Adaptive Workspace Intelligence™

Agent-Hub does more than route by price or uptime. It classifies the task, repository hints, file types, risk level, context size, and required capabilities, then chooses a provider/model/workflow with an explainable reason.

Examples:

  • "Explain this concept" routes to a cheaper fast model.
  • "Refactor this large module" routes to a long-context coding model.
  • "Edit config and run an install" stays in the coding/reviewer path and triggers permission gates.
  • Failed, rate-limited, or quota-exhausted providers automatically fall back.
  • Large repo tasks use context compression and repo-map injection.
  • High-risk shell commands are blocked or require approval before execution.

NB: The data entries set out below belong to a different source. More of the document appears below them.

(* Let $(q_l)_{l\ge1}$ be positive numbers with $q_1=1$ and $0<R:=\lim_{l\to\infty}q_l/q_{l+1}<\infty$, and assume (EQ): $\tilde f(1)>1$, or $\tilde f(1)=1$ and $\tilde g(1)<\infty$. Let $\rho^*>0$. Then the infimum $$\tilde A_{\min}=\inf\{\tilde A(z):\ z\in X_{0+},\ \rho(z)=\rho^*\}$$ is attained, and a minimizer is $z^*_l=N^*\tilde q_l(\mu^* )^l$, $l\in\mathbb{N}$, where $\mu^*\in(0,1]$ is the unique solution of $\tilde f(\mu^* )=1$ and $N^*=\rho^*/\tilde g(\mu^* )$.
   Context: $X=\{z=(z_l)_{l\ge1}:\sum_l l|z_l|<\infty\}$, $X_{0+}$ its nonnegative elements, $\rho(z)=\sum_l lz_l$, $N(z)=\sum_l z_l$. Set $\tilde q_l=q_lR^l$, $\tilde f(\mu)=\sum_{l\ge1}\tilde q_l\mu^l$, $\tilde g(\mu)=\sum_{l\ge1}l\tilde q_l\mu^l$, $\tilde f(1)=\sum_l\tilde q_l\in(0,\infty]$, $\tilde g(1)=\sum_l l\tilde q_l\in(0,\infty]$. For $z\in X_{0+}\setminus\{0\}$, $\tilde A(z)=\sum_l z_l\ln\big(z_l/(\tilde q_lN(z))\big)$ with $0\ln0=0$, and $\tilde A(0)=0$. *)

From HB Require Import structures.
From mathcomp Require Import all_boot all_order all_algebra.
From mathcomp Require Import all_classical all_reals all_analysis.
Set Implicit Arguments. Unset Strict Implicit. Unset Printing Implicit Defensive.
Import Order.TTheory GRing.Theory Num.Theory.
Import numFieldNormedType.Exports.
Local Open Scope classical_set_scope.
Local Open Scope ring_scope.

(* Sequences (z_l)_{l>=1} are represented as functions nat -> R; the value
   at index 0 is ignored by every definition below (all sums start at l = 1). *)

Section Defs.
Variable R : realType.

Definition qtilde (q : nat -> R) (Rr : R) (l : nat) : R := q l * Rr ^+ l.

Definition ftilde (q : nat -> R) (Rr : R) (mu : R) : \bar R :=
  (\sum_(1 <= l <oo) (qtilde q Rr l * mu ^+ l)%:E)%E.

Definition gtilde (q : nat -> R) (Rr : R) (mu : R) : \bar R :=
  (\sum_(1 <= l <oo) (l%:R * qtilde q Rr l * mu ^+ l)%:E)%E.

Definition rho (z : nat -> R) : \bar R :=
  (\sum_(1 <= l <oo) (l%:R * z l)%:E)%E.

Definition Ntot (z : nat -> R) : \bar R :=
  (\sum_(1 <= l <oo) (z l)%:E)%E.

Definition X0plus (z : nat -> R) : Prop :=
  (forall l, (1 <= l)%N -> 0 <= z l) /\ (rho z < +oo)%E.

Definition Aterm (q : nat -> R) (Rr : R) (N : R) (z : nat -> R) (l : nat) : R :=
  if z l == 0 then 0 else z l * ln (z l / (qtilde q Rr l * N)).

Definition Atilde (q : nat -> R) (Rr : R) (z : nat -> R) : R :=
  if `[< forall l, (1 <= l)%N -> z l = 0 >] then 0
  else limn (fun n => \sum_(1 <= l < n) Aterm q Rr (fine (Ntot z)) z l).

End Defs.

(* Since q_l / q_(l+1) -> R, the ratios of q~_l = q_l R^l tend to 1, so q~_l is
   squeezed between c 2^-l and C r^l for every r > 1.  Hence f~ and g~ are finite
   on [0, 1), and on [0, b] with b < 1 the function f~ is Lipschitz with constant
   g~(b) / b.  If f~(1) > 1, some partial sum of f~ already exceeds 1 at a point
   b < 1, and the intermediate value theorem on [0, b] yields a root of f~ = 1;
   it is unique because f~(b) >= (b / a) f~(a) for a <= b.
   Minimality is Gibbs' inequality z ln (z / p) >= z - p with p = N q~_l mu^l:
     z_l ln (z_l / (q~_l N)) >= l z_l ln mu + z_l - N q~_l mu^l,
   and the right-hand sides sum to rho ln mu + N - N f~(mu) = rho ln mu, with
   equality for z*_l = N* q~_l mu^l.  The bound q~_l >= c 2^-l dominates the terms
   of A~(z) from above by a summable sequence, so the series A~(z) converges. *)

From HB Require Import structures.
From mathcomp Require Import all_boot all_order all_algebra.
From mathcomp Require Import all_classical all_reals all_analysis.
From mathcomp Require Import ring lra zify.
Import Order.TTheory GRing.Theory Num.Theory.
Import numFieldNormedType.Exports.
Local Open Scope classical_set_scope.
Local Open Scope ring_scope.

Section nonneg_real_series.
Context {R : realType}.
Implicit Types (u v : nat -> R) (m n : nat).

Lemma nneseries_partial_le u m n : (forall l, (m <= l)%N -> 0 <= u l) ->
  ((\sum_(m <= l < n) u l)%:E <= \sum_(m <= l <oo) (u l)%:E)%E.
Proof.
by move=> u0; rewrite -sumEFin; apply: nneseries_lim_ge => l /u0; rewrite lee_fin.
Qed.

Lemma nneseries_partial_cvg u m s : (forall l, (m <= l)%N -> 0 <= u l) ->
  (\sum_(m <= l <oo) (u l)%:E)%E = s%:E ->
  (fun n => \sum_(m <= l < n) u l) @ \oo --> s.
Proof.
move=> u0 us.
have : (fun n => (\sum_(m <= l < n) (u l)%:E)%E) @ \oo --> s%:E.
  by rewrite -us; apply: is_cvg_nneseries => l /u0; rewrite lee_fin.
move=> /fine_cvgP[_]; apply: cvg_trans; apply: near_eq_cvg; near=> n.
by rewrite /= sumEFin.
Unshelve. all: end_near.
Qed.

Lemma lee_nneseriesEFin u v m : (forall l, (m <= l)%N -> 0 <= u l <= v l) ->
  (\sum_(m <= l <oo) (u l)%:E <= \sum_(m <= l <oo) (v l)%:E)%E.
Proof.
move=> uv.
rewrite (eseries_cond (fun l => (u l)%:E)) (eseries_cond (fun l => (v l)%:E)).
by apply: lee_nneseries => [l _|l] /andP[_ /uv/andP[? ?]]; rewrite lee_fin.
Qed.

Lemma nneseriesEFin_le u m B : (forall l, (m <= l)%N -> 0 <= u l) ->
  (forall n, \sum_(m <= l < n) u l <= B) ->
  (\sum_(m <= l <oo) (u l)%:E <= B%:E)%E.
Proof.
move=> u0 uB; apply: lime_le; first by apply: is_cvg_nneseries => l /u0; rewrite lee_fin.
by apply: nearW => n; rewrite sumEFin lee_fin.
Qed.

Lemma nneseriesEFinZl u m c : 0 <= c -> (forall l, (m <= l)%N -> 0 <= u l) ->
  (\sum_(m <= l <oo) (c * u l)%:E = c%:E * \sum_(m <= l <oo) (u l)%:E)%E.
Proof.
move=> c0 u0.
rewrite (eseries_cond (fun l => (c * u l)%:E)) (eseries_cond (fun l => (u l)%:E)).
under eq_eseriesr do rewrite EFinM.
by apply: nneseriesZl => l /andP[_ /u0]; rewrite lee_fin.
Qed.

See /v1/routing-intelligence, /dashboard/routing-intelligence, /v1/routing/last-decision, or /v1/status for selected_provider, selected_model, routing_reason, task_classification, cost_context_estimate, fallback events, permission blocks, workflow progress, and rejected-candidate explanations.

Additional surfaces:

  • /v1/model-leaderboard and /dashboard/model-leaderboard
  • /v1/cost-dashboard and /dashboard/costs
  • /v1/benchmarks and /dashboard/benchmarks
  • /v1/workflow-presets and /v1/workspace/checkpoints

How Learning Works

Agent-Hub learns from real routing outcomes. Each routed request can add a metadata-only memory record with task type, language/framework, repo/context size bucket, risk, selected provider/model/workflow, latency, fallback count, success/failure, timeout, permission denial, reviewer/tool failure, final outcome, and an outcome score.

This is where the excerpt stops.